Dataset items:
━━━━
(* In the setting of the context, run top-$k$ constrained beam search ($k$-CBS) with beam width $B$ and let $C_T$ be its final (unpruned) candidate set, and let $F_{(B)}\subseteq C_T$ be the (at most) $B$ pairs of $C_T$ with the largest second coordinate (deterministic tie-breaking). For $\mathsf{dist}\in\{\mathsf{Hamming},\mathsf{Levenshtein}\}$ and $\varepsilon\ge0$ define $$\mathrm{LB}^{(Bk)}_{\varepsilon,\mathsf{dist}}=\sum_{(\mathbf{z}_{\mathrm{pre}}\Vert\mathbf{x},\,\ell)\in C_T\,:\,\mathbf{x}\in\mathbb{B}^{\mathsf{dist}}_{\varepsilon}(\mathbf{z}_{\mathrm{suf}})}\exp(\ell),\qquad \mathrm{LB}^{(B)}_{\varepsilon,\mathsf{dist}}=\sum_{(\mathbf{z}_{\mathrm{pre}}\Vert\mathbf{x},\,\ell)\in F_{(B)}\,:\,\mathbf{x}\in\mathbb{B}^{\mathsf{dist}}_{\varepsilon}(\mathbf{z}_{\mathrm{suf}})}\exp(\ell).$$ Then $\mathrm{LB}^{(Bk)}_{\varepsilon,\mathsf{dist}}\le p^{\mathsf{dist}}_{\mathbf{z},\varepsilon}$ and $\mathrm{LB}^{(B)}_{\varepsilon,\mathsf{dist}}\le\mathrm{LB}^{(Bk)}_{\varepsilon,\mathsf{dist}}$.
   Context: Let $\mathbb{V}$ be a finite vocabulary containing a designated end-of-sequence token EOS. A language model $\theta$ assigns to every finite token sequence (history) $\mathbf{h}$ a probability distribution $\Pr_\theta(\cdot\mid\mathbf{h})$ on $\mathbb{V}$ with $\Pr_\theta(v\mid\mathbf{h})>0$ for all $v$. For an integer $k\ge1$ and a history $\mathbf{h}$, let $S(\mathbf{h})\subseteq\mathbb{V}$ be the set of $k$ tokens with the largest values of $\Pr_\theta(\cdot\mid\mathbf{h})$ (ties broken by a fixed deterministic rule). The top-$k$ decoding distribution is $\Pr_{\theta,\phi}(v\mid\mathbf{h})=\Pr_\theta(v\mid\mathbf{h})/\sum_{u\in S(\mathbf{h})}\Pr_\theta(u\mid\mathbf{h})$ for $v\in S(\mathbf{h})$ and $0$ otherwise. Fix a prefix $\mathbf{z}_{\mathrm{pre}}\in\mathbb{V}^L$ and a target suffix $\mathbf{z}_{\mathrm{suf}}\in\mathbb{V}^T$. For $\mathbf{x}\in\mathbb{V}^T$, $\Pr_{\theta,\phi}(\mathbf{x}\mid\mathbf{z}_{\mathrm{pre}})=\prod_{t=1}^T\Pr_{\theta,\phi}(x_t\mid\mathbf{z}_{\mathrm{pre}}\Vert x_{1:t-1})$ ($\Vert$ is concatenation). For $\mathbf{b},\mathbf{c}\in\mathbb{V}^T$, $\mathsf{Hamming}(\mathbf{b},\mathbf{c})=\#\{t: b_t\ne c_t\}$ and $\mathsf{Levenshtein}(\mathbf{b},\mathbf{c})$ is the minimum number of unit-cost single-token substitutions, insertions and deletions transforming $\mathbf{b}$ into $\mathbf{c}$. The $\varepsilon$-ball is $\mathbb{B}^{\mathsf{dist}}_{\varepsilon}(\mathbf{z}_{\mathrm{suf}})=\{\mathbf{v}\in\mathbb{V}^T:\mathsf{dist}(\mathbf{v},\mathbf{z}_{\mathrm{suf}})\le\varepsilon\}$, and $p^{\mathsf{dist}}_{\mathbf{z},\varepsilon}=\sum_{\mathbf{v}\in\mathbb{B}^{\mathsf{dist}}_{\varepsilon}(\mathbf{z}_{\mathrm{suf}})}\Pr_{\theta,\phi}(\mathbf{v}\mid\mathbf{z}_{\mathrm{pre}})$. $k$-CBS with beam width $B$: set $L_0=\{(\mathbf{z}_{\mathrm{pre}},0)\}$. For $t=1,\dots,T$: let $C_t=\{(\mathbf{h}\Vert v,\ \ell+\log\Pr_{\theta,\phi}(v\mid\mathbf{h})):(\mathbf{h},\ell)\in L_{t-1},\ v\in S(\mathbf{h})\}$. If $t=T$, output $C_T$. If $t<T$, delete from $C_t$ every pair whose history ends in EOS, and let $L_t$ be the (at most) $B$ pairs of $C_t$ with the largest second coordinate (deterministic tie-breaking). Every pair in $C_T$ has the form $(\mathbf{z}_{\mathrm{pre}}\Vert\mathbf{x},\ell)$ with $\mathbf{x}\in\mathbb{V}^T$. *)

From HB Require Import structures.
From mathcomp Require Import all_boot all_order all_algebra.
From mathcomp Require Import boolp reals sequences exp.
Set Implicit Arguments. Unset Strict Implicit. Unset Printing Implicit Defensive.
Import Order.TTheory GRing.Theory Num.Theory.
Local Open Scope ring_scope.

Section Defs.
Context {R : realType} {V : finType}.

(* S(h): the k tokens with largest P h, ties broken deterministically by the
   (stable) order of enum V. *)
Definition topk (k : nat) (P : seq V -> V -> R) (h : seq V) : seq V :=
  take k (sort (fun u v => P h v <= P h u) (enum V)).

Definition topk_prob (k : nat) (P : seq V -> V -> R) (h : seq V) (v : V) : R :=
  if v \in topk k P h then P h v / \sum_(u <- topk k P h) P h u else 0.

Fixpoint seq_prob (k : nat) (P : seq V -> V -> R) (h : seq V) (x : seq V) : R :=
  match x with
  | [::] => 1
  | v :: x' => topk_prob k P h v * seq_prob k P (rcons h v) x'
  end.

(* candidates (history, log-score) *)
Definition cand := (seq V * R)%type.

Definition expand (k : nat) (P : seq V -> V -> R) (L : seq cand) : seq cand :=
  flatten [seq [seq (rcons c.1 v, c.2 + ln (topk_prob k P c.1 v)) | v <- topk k P c.1]
          | c <- L].

Definition endsEOS (eos : V) (h : seq V) : bool := (0 < size h)%N && (last eos h == eos).

(* the (at most) B pairs with the largest second coordinate; ties broken
   deterministically by the (stable) order of the list *)
Definition topB (B : nat) (C : seq cand) : seq cand :=
  take B (sort (fun a b : cand => b.2 <= a.2) C).

Definition beam_step (k B : nat) (eos : V) (P : seq V -> V -> R) (L : seq cand) :=
  topB B [seq c <- expand k P L | ~~ endsEOS eos c.1].

(* final unpruned candidate set C_T of k-CBS (T >= 1) *)
Definition kCBS_final (k B : nat) (eos : V) (P : seq V -> V -> R) (pre : seq V) (T : nat)
  : seq cand :=
  expand k P (iter T.-1 (beam_step k B eos P) [:: (pre, 0)]).

(* Hamming distance (for sequences of equal length) *)
Definition hamming (b c : seq V) : nat := count (fun p => p.1 != p.2) (zip b c).

Definition edit1 (b c : seq V) : Prop :=
  (exists s1 s2 x y, b = s1 ++ x :: s2 /\ c = s1 ++ y :: s2) \/
  (exists s1 s2 y, b = s1 ++ s2 /\ c = s1 ++ y :: s2) \/
  (exists s1 s2 x, b = s1 ++ x :: s2 /\ c = s1 ++ s2).

Fixpoint edits (n : nat) (b c : seq V) : Prop :=
  match n with
  | 0 => b = c
  | n'.+1 => exists d, edit1 b d /\ edits n' d c
  end.

Lemma edits_cat m n a b c : edits m a b -> edits n b c -> edits (m + n) a c.
Proof.
elim: m a => [|m IH] a /=; first by move=> -> .
by case=> d [e1 hd] hbc; exists d; split=> //; apply: IH hd hbc.
Qed.

Lemma edits_ex (b c : seq V) : exists n, `[< edits n b c >].
Proof.
have del : forall s : seq V, edits (size s) s [::].
  elim=> [|x s IH] //=; exists s; split=> //.
  by right; right; exists [::], s, x.
have ins : forall s : seq V, edits (size s) [::] s.
  elim=> [|y s IH] //.
  have h1 : edits 1 s (y :: s).
    by exists (y :: s); split=> //; right; left; exists [::], s, y.
  by have := edits_cat IH h1; rewrite addn1.
by exists (size b + size c)%N; apply/asboolP; apply: edits_cat (del b) (ins c).
Qed.

Definition levenshtein (b c : seq V) : nat := ex_minn (edits_ex b c).

Definition in_ball (dist : seq V -> seq V -> nat) (eps : R) (zsuf x : seq V) : bool :=
  (dist x zsuf)%:R <= eps.

Definition p_ball (k : nat) (P : seq V -> V -> R) (dist : seq V -> seq V -> nat)
  (eps : R) (pre zsuf : seq V) : R :=
  \sum_(x : (size zsuf).-tuple V | in_ball dist eps zsuf x) seq_prob k P pre x.

Definition LB (C : seq cand) (pre : seq V) (dist : seq V -> seq V -> nat) (eps : R)
  (zsuf : seq V) : R :=
  \sum_(c <- C | in_ball dist eps zsuf (drop (size pre) c.1)) expR c.2.

End Defs.

From HB Require Import structures.
From mathcomp Require Import all_boot all_order all_algebra.
From mathcomp Require Import boolp reals sequences exp.
Import Order.TTheory GRing.Theory Num.Theory.
Local Open Scope ring_scope.

(* Every candidate of C_T is (pre ++ x, ln Pr(x | pre)) for a suffix x of
   length T, and distinct candidates have distinct suffixes: the beam only
   ever extends histories by distinct tokens, adds log-probabilities, and
   drops candidates.  Hence LB^(Bk) is a sum of Pr(x | pre) over distinct
   suffixes in the ball, a sub-sum of p_ball; LB^(B) is in turn the sub-sum
   of the nonnegative terms exp l of LB^(Bk) over a prefix of a permutation
   of C_T. *)

Section NonnegativeSums.
Variable R : numDomainType.

Lemma ler_sum_uniq_sub (I : eqType) (s t : seq I) (Q : pred I) (F : I -> R) :
  uniq s -> uniq t -> {subset s <= t} -> (forall i, 0 <= F i) ->
  \sum_(i <- s | Q i) F i <= \sum_(i <- t | Q i) F i.
Proof.
move=> s_uniq t_uniq s_sub_t F_ge0.
have s_perm : perm_eq [seq i <- t | i \in s] s.
  apply: uniq_perm; rewrite ?filter_uniq // => i.
  by rewrite mem_filter; apply: andb_idr; apply: s_sub_t.
have -> : \sum_(i <- s | Q i) F i = \sum_(i <- t | Q i && (i \in s)) F i.
  rewrite -(perm_big _ s_perm) big_filter_cond.
  by apply: eq_bigl => i; rewrite andbC.
by rewrite [leRHS](bigID (mem s)) /= lerDl sumr_ge0.
Qed.

Lemma ler_sum_take (I : Type) (n : nat) (s : seq I) (Q : pred I) (F : I -> R) :
  (forall i, 0 <= F i) ->
  \sum_(i <- take n s | Q i) F i <= \sum_(i <- s | Q i) F i.
Proof.
move=> F_ge0; rewrite -[in leRHS](cat_take_drop n s) big_cat /= lerDl.
exact: sumr_ge0.
Qed.

End NonnegativeSums.

Section TopkSearch.
Variables (R : realType) (V : finType) (P : seq V -> V -> R) (k : nat).
Hypothesis P_gt0 : forall h v, 0 < P h v.

Lemma seq_prob_rcons h x v :
  seq_prob k P h (rcons x v) = seq_prob k P h x * topk_prob k P (h ++ x) v.
Proof.
elim: x h => [|u x IH] h /=; first by rewrite cats0 mul1r mulr1.
by rewrite IH cat_rcons mulrA.
Qed.

Lemma topk_uniq h : uniq (topk k P h).
Proof. by rewrite /topk take_uniq // sort_uniq enum_uniq. Qed.

Lemma topk_prob_ge0 h v : 0 <= topk_prob k P h v.
Proof.
rewrite /topk_prob; case: ifP => // _.
by apply: divr_ge0; [exact: ltW | apply: sumr_ge0 => *; exact: ltW].
Qed.

Lemma topk_prob_gt0 h v : v \in topk k P h -> 0 < topk_prob k P h v.
Proof.
move=> v_topk; rewrite /topk_prob v_topk divr_gt0 //.
rewrite (bigD1_seq v) ?topk_uniq //= ltr_wpDr //.
by apply: sumr_ge0 => *; exact: ltW.
Qed.

Lemma seq_prob_ge0 h x : 0 <= seq_prob k P h x.
Proof.
elim: x h => [|u x IH] h /=; first exact: ler01.
exact: mulr_ge0 (topk_prob_ge0 _ _) (IH _).
Qed.

Definition scored_beam (pre : seq V) (t : nat) (L : seq (@cand R V)) : Prop :=
  uniq (map fst L) /\
  {in L, forall c, exists x, [/\ c.1 = pre ++ x, size x = t &
                                 expR c.2 = seq_prob k P pre x]}.

Lemma map_fst_expand L : map fst (expand k P L) =
  flatten [seq [seq rcons c.1 v | v <- topk k P c.1] | c <- L].
Proof. by elim: L => //= c L <-; rewrite map_cat -map_comp. Qed.

Lemma uniq_map_fst_expand L : uniq (map fst L) -> uniq (map fst (expand k P L)).
Proof.
rewrite map_fst_expand; elim: L => //= c L IH /andP [c_notin L_uniq].
rewrite cat_uniq IH // andbT map_inj_uniq ?topk_uniq //=; last first.
  exact: rcons_injr.
apply/hasPn => _ /flattenP [_ /mapP [c' c'L ->]] /mapP [w _ ->].
apply/mapP => -[v _ /rcons_inj [same_hist _]].
by move: c_notin; rewrite -same_hist map_f.
Qed.

Lemma scored_beam_expand pre t L :
  scored_beam pre t L -> scored_beam pre t.+1 (expand k P L).
Proof.
case=> L_uniq L_scored; split; first exact: uniq_map_fst_expand.
move=> _ /flattenP [_ /mapP [c cL ->]] /mapP [v v_topk ->] /=.
have [x [c_hist x_size x_score]] := L_scored c cL.
rewrite c_hist in v_topk *.
exists (rcons x v); split; rewrite ?rcons_cat ?size_rcons ?x_size //.
by rewrite expRD x_score seq_prob_rcons lnK // posrE topk_prob_gt0.
Qed.

Lemma scored_beam_filter pre t (p : pred cand) L :
  scored_beam pre t L -> scored_beam pre t (filter p L).
Proof.
case=> L_uniq L_scored; split.
  exact: subseq_uniq (map_subseq _ (filter_subseq _ _)) L_uniq.
by move=> c; rewrite mem_filter => /andP [_ /L_scored].
Qed.

Lemma scored_beam_topB pre t B L :
  scored_beam pre t L -> scored_beam pre t (topB B L).
Proof.
case=> L_uniq L_scored; split.
  rewrite /topB map_take take_uniq //.
  by rewrite (perm_uniq (perm_map _ (permEl (perm_sort _ _)))).
by move=> c /mem_take; rewrite mem_sort => /L_scored.
Qed.

Lemma scored_beam_iter B eos pre n :
  scored_beam pre n (iter n (beam_step k B eos P) [:: (pre, 0)]).
Proof.
elim: n => [|n IH] /=.
  by split=> // c; rewrite inE => /eqP -> /=; exists [::]; rewrite cats0 expR0.
apply: scored_beam_topB; apply: scored_beam_filter.
exact: scored_beam_expand.
Qed.

Lemma scored_beam_kCBS_final B eos pre T : (0 < T)%N ->
  scored_beam pre T (kCBS_final k B eos P pre T).
Proof.
move=> T_gt0; rewrite /kCBS_final -{1}(prednK T_gt0).
by apply: scored_beam_expand; exact: scored_beam_iter.
Qed.

Lemma p_ball_seqE dist eps pre zsuf : p_ball k P dist eps pre zsuf =
  \sum_(x <- map val (index_enum ((size zsuf).-tuple V))
          | in_ball dist eps zsuf x) seq_prob k P pre x.
Proof. by rewrite big_map. Qed.

Lemma LB_le_p_ball dist eps pre zsuf C :
  scored_beam pre (size zsuf) C ->
  LB C pre dist eps zsuf <= p_ball k P dist eps pre zsuf.
Proof.
case=> C_uniq C_scored; pose suffix (c : @cand R V) := drop (size pre) c.1.
have suffixE c : c \in C -> c.1 = pre ++ suffix c.
  by case/C_scored=> x [c_hist _ _]; rewrite /suffix c_hist drop_size_cat.
have -> : LB C pre dist eps zsuf =
    \sum_(x <- map suffix C | in_ball dist eps zsuf x) seq_prob k P pre x.
  rewrite big_map /LB big_seq_cond [RHS]big_seq_cond.
  apply: eq_bigr => c /andP [cC _].
  have [x [c_hist _ ->]] := C_scored c cC.
  by rewrite /suffix c_hist drop_size_cat.
rewrite p_ball_seqE ler_sum_uniq_sub //.
- have fst_C : map fst C = map (cat pre) (map suffix C).
    by rewrite -map_comp; apply/eq_in_map => c /suffixE.
  by move: C_uniq; rewrite fst_C => /map_uniq.
- by rewrite map_inj_uniq ?index_enum_uniq //; exact: val_inj.
- move=> _ /mapP [c cC ->]; have [x [c_hist x_size _]] := C_scored c cC.
  have x_tuple : size x == size zsuf by rewrite x_size.
  rewrite /suffix c_hist drop_size_cat // (_ : x = Tuple x_tuple) //.
  by rewrite map_f ?mem_index_enum.
- by move=> x; exact: seq_prob_ge0.
Qed.

End TopkSearch.

Lemma LB_topB_le (R : realType) (V : finType) B (C : seq (@cand R V))
  pre dist eps zsuf :
  LB (topB B C) pre dist eps zsuf <= LB C pre dist eps zsuf.
Proof.
rewrite /LB /topB; set ranked := sort _ C.
have ranked_perm : perm_eq ranked C by rewrite perm_sort.
rewrite -[leRHS](perm_big _ ranked_perm).
by apply: ler_sum_take => c; exact: expR_ge0.
Qed.

Theorem corollary4 (R : realType) (V : finType) (eos : V) (P : seq V -> V -> R)
  (k B : nat) (pre zsuf : seq V) (dist : seq V -> seq V -> nat) (eps : R) :
  (forall h v, 0 < P h v) ->
  (forall h, \sum_(v : V) P h v = 1) ->
  (0 < k)%N -> (k <= #|V|)%N -> (0 < B)%N -> (0 < size zsuf)%N ->
  (dist = @hamming V \/ dist = @levenshtein V) ->
  0 <= eps ->
  let CT := kCBS_final k B eos P pre (size zsuf) in
  let FB := topB B CT in
  LB CT pre dist eps zsuf <= p_ball k P dist eps pre zsuf /\
  LB FB pre dist eps zsuf <= LB CT pre dist eps zsuf.
Proof.
move=> P_gt0 _ _ _ _ T_gt0 _ _ CT FB; split; last exact: LB_topB_le.
apply: LB_le_p_ball; first exact: P_gt0.
exact: scored_beam_kCBS_final.
Qed.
━━━━
Goal of the exercise:
Filter the lines above so that only those with the string "andP" remain, then copy them.

Response to this task:
rewrite map_fst_expand; elim: L => //= c L IH /andP [c_notin L_uniq].
by move=> c; rewrite mem_filter => /andP [_ /L_scored].
  apply: eq_bigr => c /andP [cC _].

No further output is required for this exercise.